Activity | Check each line of the records for "Require"; collect those that have it.
-------- Exercise materials --------
(* Let $(S,* )$ be a finite cycle set of size $n$ and Dehornoy class $d>1$, and let $d=p_1^{a_1}\cdots p_r^{a_r}$ be the prime factorization of $d$ (the $p_i$ pairwise distinct, $a_i\ge 1$). Then there exist cycle set structures $*_1,\dots,*_r$ on the same set $S$ such that the class $d_i$ of $(S,*_i)$ is a power of $p_i$ for each $i$, and the germ $\overline G$ of $(S,* )$ is the product set $$\overline G=\iota_{d_1}^{d}(\overline G_1)\,\iota_{d_2}^{d}(\overline G_2)\cdots\iota_{d_r}^{d}(\overline G_r),$$ where $\overline G_i$ is the germ of $(S,*_i)$. That is, every cycle set is obtained as a Zappa–Szép product of cycle sets whose classes are prime powers.
   Context: A cycle set is a set $S$ with a binary operation $*$ such that for every $s\in S$ the map $t\mapsto s*t$ is a bijection of $S$, and $(s*t)*(s*u)=(t*s)*(t*u)$ for all $s,t,u\in S$. For a finite cycle set $S=\{s_1,\dots,s_n\}$, let $\psi(s)\in\mathfrak S_n$ be the permutation with $s_i*s_j=s_{\psi(s_i)(j)}$, and let $T(s)=s*s$. For $k\ge 0$ put $\psi_k(s)=\psi(T^{k-1}(s))\circ\cdots\circ\psi(T(s))\circ\psi(s)$ ($\psi_0(s)=\mathrm{id}$). The (Dehornoy) class of $S$ is the smallest integer $d\ge 1$ with $\psi_d(s)=\mathrm{id}$ for all $s\in S$ (it exists). For $\sigma\in\mathfrak S_n$, $P_\sigma$ is the $n\times n$ matrix with entry $1$ at position $(i,\sigma(i))$ and $0$ elsewhere. Let $\zeta_m=e^{2i\pi/m}$. The germ of a cycle set of class $d$ on $S$ is the subgroup of $GL_n(\mathbb C)$ generated by the matrices $\bar s_i=\mathrm{diag}(1,\dots,1,\zeta_d,1,\dots,1)P_{\psi(s_i)}$ ($\zeta_d$ in the $i$-th diagonal position), $1\le i\le n$; it is a group of monomial matrices whose nonzero entries are $d$-th roots of unity. For $m\mid d$, $\iota_m^{d}$ denotes the embedding of the group of $n\times n$ monomial matrices with nonzero entries in the $m$-th roots of unity into the analogous group for $d$-th roots of unity, obtained by replacing each entry $\zeta_m^{j}$ by $\zeta_d^{jd/m}$. For subsets $A,B$ of a group, $AB=\{ab: a\in A,b\in B\}$. *)

From HB Require Import structures.
From mathcomp Require Import all_boot all_order all_algebra all_field.
Set Implicit Arguments. Unset Strict Implicit. Unset Printing Implicit Defensive.
Import Order.TTheory GRing.Theory Num.Theory.
Local Open Scope ring_scope.

(* A finite cycle set on S = {s_0,...,s_(n-1)} = 'I_n, given by op s t = s * t. *)
Definition is_cycle_set (n : nat) (op : 'I_n -> 'I_n -> 'I_n) : Prop :=
  (forall s, bijective (op s)) /\
  (forall s t u, op (op s t) (op s u) = op (op t s) (op t u)).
--------
Reply to the exercise |
From HB Require Import structures.
From mathcomp Require Import all_boot all_order all_algebra all_field.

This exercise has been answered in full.